Bayes’ theorem, sometimes called Bayes’ rule or principle of inverse probability, is a mathematical theorem that follows very quickly from the axioms of probability theory. In practice, it is used to calculate the updated probability of some target phenomenon or hypothesis H given new empirical data X and some background information, or prior probabilities.

The prior probability of some hypotheses is usually represented by a percentage between 0% and 100%, or a number between 0 and 1. This probability is often called the degree of confidence, and is bound to vary from observer to observer, since not all observers have had the same experience and therefore cannot make equivalent probability estimates for any given hypothesis. The application of Bayes’ theorem in a scientific context is called Bayesian inference, which is a quantitative formalization of the scientific method. It allows for optimal review of theoretical probability distributions given experimental results.

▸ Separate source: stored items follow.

Lemma tdist0r u : tdist u 0 = dep u.
Proof. by rewrite /tdist leg0 dep0; case: ifP; lia. Qed.

Lemma tdist_eq0 u v : (tdist u v == 0) = (u == v).
Proof.
apply/idP/eqP => [|->]; last by rewrite /tdist eqxx; lia.
rewrite /tdist; case: ifPn => [/eqP same_leg|other_leg] d0.
  have same_dep : dep u = dep v by lia.
  have [u0|u_neq0] := eqVneq u 0.
    by move: (dep_eq0 v); rewrite -same_dep u0 dep0 eqxx => /esym/eqP.
  have v_neq0 : v != 0 by rewrite -(dep_eq0 v) -same_dep dep_eq0.
  by rewrite -(spot_leg_dep u_neq0) -(spot_leg_dep v_neq0) same_leg same_dep.
have /andP [/eqP u0 /eqP v0] : (u == 0) && (v == 0).
  by rewrite -(dep_eq0 u) -(dep_eq0 v); apply/andP; split; apply/eqP; lia.
by move: other_leg; rewrite u0 v0 eqxx.
Qed.

Lemma tdist_child x p c : child p c ->
  tdist x c <= (tdist x p).+1 /\ tdist x p <= (tdist x c).+1.
Proof.
move=> pc; have [dep_c leg_c] := child_dep_leg pc.
have [p0|p_neq0] := eqVneq p 0.
  by move: dep_c; rewrite p0 tdist0r dep0 /tdist => dep_c; case: ifP; lia.
by rewrite /tdist leg_c //; case: ifP; lia.
Qed.

Lemma tdist_child_off x p c : child p c -> leg x != leg c -> tdist x p = dep x + dep p.
Proof.
move=> pc other_leg; have [p0|p_neq0] := eqVneq p 0; first by rewrite p0 tdist0r dep0 addn0.
by rewrite tdist_other_leg // -(proj2 (child_dep_leg pc) p_neq0).
Qed.

Lemma tdist_descent x y : 0 < tdist x y ->
  exists2 x', adj x x' & (tdist x' y == (tdist x y).-1) && (x' <= maxn x y).
Proof.
move=> d_pos; have [x0|x_neq0] := eqVneq x 0.
  have y_neq0 : y != 0 by apply: contraTneq d_pos => y0; rewrite x0 y0 tdist0r.
  have dep_y : 0 < dep y by rewrite lt0n dep_eq0.
  exists (spot (leg y) 1); first by rewrite /adj x0 child0_spot ?leg_lt.
  rewrite x0 (tdist_sym 0) tdist0r /tdist leg_spot ?leg_lt // eqxx dep_spot ?leg_lt //.
  by rewrite leq_max spot_leg_le ?orbT ?andbT //; apply/eqP; lia.
case: (boolP ((leg x == leg y) && (dep x < dep y))) => [/andP [/eqP same_leg lt_dep]|not_below].
  have [dep_xK leg_xK] := child_dep_leg (child_add x).
  have y_neq0 : y != 0 by rewrite -dep_eq0; lia.
  have le_y : x + K <= y.
    rewrite -(spot_leg_dep x_neq0) -spotS; last by rewrite lt0n dep_eq0.
    by rewrite -(spot_leg_dep y_neq0) same_leg leq_spot.
  exists (x + K); first by rewrite /adj child_add.
  rewrite /tdist leg_xK // same_leg eqxx dep_xK leq_max le_y orbT andbT.
  by apply/eqP; lia.
have [dep_x leg_x] := child_dep_leg (child_sub x_neq0).
exists (x - K); first by rewrite /adj child_sub ?orbT.
rewrite leq_max leq_subr andbT.
have [p0|p_neq0] := eqVneq (x - K) 0.
  move: dep_x not_below d_pos; rewrite p0 dep0 (tdist_sym 0) tdist0r /tdist.
  by case: (leg x == leg y) => /= dep_x; lia.
by move: not_below d_pos; rewrite /tdist -(leg_x p_neq0) dep_x; case: (leg x == leg y) => /=; lia.
Qed.

(* The answer to the tests c, c' is 1 if c' is closer to the centre and 0 otherwise,
   and the leg of the test farther out (of c' on a tie) is cleared; except in the
   "stall" case (equal depths, and c the centre or its leg without candidates), where
   the answer is 1 and nothing changes. *)
Definition reachable (h : nat -> nat) v := (v == 0) || (0 < dep v <= h (leg v)).
Definition stalls c c' (h : nat -> nat) := (dep c' == dep c) && ((c == 0) || (h (leg c) == 0)).
Definition answer c c' h := (dep c' < dep c) || stalls c c' h.
Definition cleared_leg c c' := if dep c' < dep c then leg c else leg c'.
Definition update c c' h : nat -> nat :=
  if stalls c c' h then h else fun l => if l == cleared_leg c c' then 0 else (h l).+1.

Lemma stall_answer c c' h w : stalls c c' h -> reachable h w -> tdist c' w <= tdist c w.
Proof.
case/andP=> /eqP same_dep /orP [/eqP c0|/eqP h0].
  have /eqP c'0 : c' == 0 by rewrite -dep_eq0 same_dep c0.
  by rewrite c0 c'0.
case/orP=> [/eqP ->|/andP [w_pos w_le]]; first by rewrite !tdist0r same_dep.
have other_leg : leg c != leg w by apply: contraTneq w_le => <-; rewrite h0 -ltnNge.
by rewrite (tdist_other_leg other_leg) -same_dep tdist_le.
Qed.

Lemma reachable_parent h p w : child p w -> dep w <= (h (leg w)).+1 -> reachable h p.
Proof.
move=> pw w_le; have [p0|p_neq0] := eqVneq p 0; first by rewrite /reachable p0.
have [dep_w leg_w] := child_dep_leg pw.
by rewrite /reachable (negPf p_neq0) lt0n dep_eq0 p_neq0 -(leg_w p_neq0) -ltnS -dep_w.
Qed.

Lemma update_reachable c c' h w : ~~ stalls c c' h -> reachable (update c c' h) w ->
  w != 0 -> leg w != cleared_leg c c' /\ reachable h (w - K).
Proof.
rewrite /update /reachable => /negPf -> /orP [/eqP ->//|/andP [w_pos]].
case: eqP => [_|other_leg w_le _]; first by rewrite leqNgt w_pos.
by split; [apply/eqP|apply: reachable_parent w_le; rewrite child_sub // -dep_eq0 -lt0n].
Qed.

Lemma outward_answer c c' h p w : ~~ stalls c c' h -> child p w ->
  leg w != cleared_leg c c' -> (tdist c' w <= tdist c p) = answer c c' h.
Proof.
rewrite /answer /cleared_leg => /negPf -> pw; have dep_w := child_dep pw.
case: ltnP => [lt_dep|ge_dep] other_leg; rewrite orbF.
  by rewrite (tdist_child_off (x := c) pw) 1?eq_sym // (leq_trans (tdist_le _ _)) //; lia.
rewrite tdist_other_leg 1?eq_sym //.
by apply/negbTE; rewrite -ltnNge (leq_ltn_trans (tdist_le _ _)) //; lia.
Qed.

Lemma root_back c c' h : ~~ stalls c c' h ->
  exists u, [/\ u <= c, reachable h u, u = 0 \/ adj u 0 &
                (tdist c' 0 <= tdist c u) = answer c c' h].
Proof.
rewrite /answer => /negPf not_stall; rewrite not_stall orbF.
have [same_dep|other_dep] := eqVneq (dep c') (dep c); last first.
  exists 0; split; rewrite ?tdist0r //; first by left.
  by rewrite leq_eqVlt (negPf other_dep).
move: not_stall; rewrite /stalls same_dep eqxx /= => /negbT.
rewrite negb_or => /andP [c_neq0 h_pos]; have dep_c : 0 < dep c by rewrite lt0n dep_eq0.
exists (spot (leg c) 1); split.
- exact: spot_leg_le.
- by rewrite /reachable leg_spot ?leg_lt // dep_spot ?leg_lt //= lt0n h_pos.
- by right; rewrite /adj child0_spot ?leg_lt ?orbT.
rewrite tdist0r /tdist leg_spot ?leg_lt // eqxx dep_spot ?leg_lt // same_dep.
by rewrite ltnn; apply/negbTE; rewrite -ltnNge; lia.
Qed.

Lemma reachable_back c c' h w : reachable (update c c' h) w ->
  exists u, [/\ u <= maxn c w, reachable h u, u = w \/ adj u w &
                (tdist c' w <= tdist c u) = answer c c' h].
Proof.
case: (boolP (stalls c c' h)) => [stall|not_stall] w_reach.
  move: w_reach; rewrite /update stall => w_reach.
  exists w; split; [exact: leq_maxr|done|by left|].
  by rewrite /answer stall orbT (stall_answer stall).
have [w0|w_neq0] := eqVneq w 0.
  have [u [le_u u_reach adj_u u_ans]] := root_back not_stall.
  by exists u; rewrite w0; split; rewrite ?leq_max ?le_u.
have [off_leg p_reach] := update_reachable not_stall w_reach w_neq0.
exists (w - K); split => //.
- by rewrite leq_max leq_subr orbT.
- by right; rewrite /adj child_sub ?orbT.
- exact: outward_answer (child_sub w_neq0) off_leg.
Qed.

Definition few_short_legs (h : nat -> nat) := forall j, #|[set l : 'I_K | h l < j]| <= j.

Lemma card_val_le1 X : #|[set l : 'I_K | val l == X]| <= 1.
Proof. by apply/card_le1_eqP => l l'; rewrite !inE => /eqP <- /eqP /val_inj. Qed.

Lemma few_short_legs_const : few_short_legs (fun=> K).
Proof.
move=> j; case: (leqP j K) => [le_jK|lt_Kj].
  by rewrite (_ : [set _ | _] = set0) ?cards0 //; apply/setP => l; rewrite !inE ltnNge le_jK.
by apply: leq_trans (max_card _) _; rewrite card_ord ltnW.
Qed.

Lemma few_short_legs_update c c' h : few_short_legs h -> few_short_legs (update c c' h).
Proof.
rewrite /update; case: ifP => // _ short [|j].
  by rewrite leqn0 cards_eq0; apply/eqP/setP => l; rewrite !inE.
set X := cleared_leg c c'.
have sub : [set l : 'I_K | (if val l == X then 0 else (h l).+1) < j.+1]
    \subset [set l : 'I_K | val l == X] :|: [set l : 'I_K | h l < j].
  by apply/subsetP => l; rewrite !inE; case: eqP.
apply: leq_trans (subset_leq_card sub) _; apply: leq_trans (leq_card_setU _ _) _.
by rewrite -add1n leq_add ?card_val_le1.
Qed.

Lemma long_leg h D p : few_short_legs h -> D.+2 <= K ->
  exists l : 'I_K, (val l != p) && (D <= h l).
Proof.
move=> short le_DK; case: (pickP (fun l : 'I_K => (val l != p) && (D <= h l))) => [l ?|none].
  by exists l.
have : [set: 'I_K] \subset [set l : 'I_K | val l == p] :|: [set l : 'I_K | h l < D].
  by apply/subsetP => l _; move: (none l); rewrite !inE ltnNge /=; case: (_ == p) => //= ->.
move/subset_leq_card; rewrite cardsT card_ord => le_K.
have := leq_trans le_K (leq_trans (leq_card_setU _ _) (leq_add (card_val_le1 p) (short D))).
by rewrite add1n => /(leq_trans le_DK); rewrite ltnn.
Qed.

End Spider.

Definition spider K n : rel 'I_n := fun u v => adj K u v.
Arguments spider : clear implicits.

Section SpiderGraph.
Variables (K n : nat).
Hypothesis K_gt0 : 0 < K.

Lemma spider_sym : symmetric (spider K n).
Proof. by move=> u v; rewrite /spider /adj orbC. Qed.

Lemma spider_irr : irreflexive (spider K n).
Proof. by move=> u; rewrite /spider /adj orbb /child; apply/negP => /andP [u_neq0 /eqP]; lia. Qed.

Lemma spider_connected : connected_graph (spider K n).
Proof.
move=> x y; have n_gt0 : 0 < n by case: x => x; lia.
pose root : 'I_n := Ordinal n_gt0.
have from_root (v : 'I_n) : connect (spider K n) root v.
  case: v => v; elim/ltn_ind: v => v IH lt_vn.
  have [v0|v_neq0] := eqVneq v 0; first by rewrite (_ : Ordinal lt_vn = root) //; apply: val_inj.
  have lt_pn : v - K < n by lia.
  apply: connect_trans (IH (v - K) _ lt_pn) (connect1 _); first by move: v_neq0; lia.
  by rewrite /spider /adj /= child_sub.
by apply: connect_trans (from_root y); rewrite (sym_connect_sym (@spider_sym)).
Qed.

Lemma spider_acyclic : acyclic (spider K n).
Proof.
apply: (@acyclic_ranked _ _ (fun v : 'I_n => dep K v)); first exact: spider_sym.
  by move=> u v /orP [] /(child_dep K_gt0); lia.
move=> x y z /orP [/(child_dep K_gt0)|/andP [_ /eqP y_par]]; first lia.
move=> /orP [/(child_dep K_gt0)|/andP [_ /eqP z_par]]; first lia.
by move=> _ _; apply: val_inj; rewrite /= -y_par -z_par.
Qed.

Lemma spider_tree : is_tree (spider K n).
Proof.
split; [split|exact: spider_connected|exact: spider_acyclic].
  exact: spider_sym.
exact: spider_irr.
Qed.

Lemma dist_spider (x y : 'I_n) : Defs.dist (spider K n) x y = tdist K x y.
Proof.
apply: (@dist_eq_descent _ _ (fun u v : 'I_n => tdist K u v)) => {x y} [x y|x y z|x y].
- exact: tdist_eq0.
- by case/orP=> /(tdist_child K_gt0 x) [].
move=> d_pos; have [x' adj_x' /andP [/eqP d_x' le_x']] := tdist_descent K_gt0 d_pos.
have lt_x'n : x' < n by apply: leq_ltn_trans le_x' _; rewrite gtn_max !ltn_ord.
by exists (Ordinal lt_x'n).
Qed.

End SpiderGraph.

Section Play.
Variables (K n : nat).
Hypothesis K_gt0 : 0 < K.
Variables (c1 c2 : 'I_n) (f : seq bool -> 'I_n).

Record position := Position { answers : seq bool; test : 'I_n; reach : nat -> nat }.

(* The game at time i >= 1 when the mouse answers by [answer]; as in [state], time 0
   duplicates time 1. *)
Fixpoint play i : position :=
  match i with
  | 0 | 1 => Position [::] c1 (fun=> K)
  | (i'.+1 as j).+1 =>
      let s := play j in
      let c' := if i' == 0 then c2 else f (answers s) in
      Position (rcons (answers s) (answer K (test s) c' (reach s))) c'
               (update K (test s) c' (reach s))
  end.

Definition answer_at i := answer K (test (play i.-1)) (test (play i)) (reach (play i.-1)).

Bayes’ theorem in the context of scientific inference says the following: “The new probability that a hypothesis H is true (called the posterior probability) given new evidence X is equal to the probability that we would observe this evidence X given that H is actually true (called the conditional probability, or likelihood), multiplied by the prior probability that H is true, all divided by the probability of X.”

A common restatement of the above in terms of how a test result contributes to the likelihood that a given patient has cancer can be shown as follows:
p(positive|cancer)*p(cancer)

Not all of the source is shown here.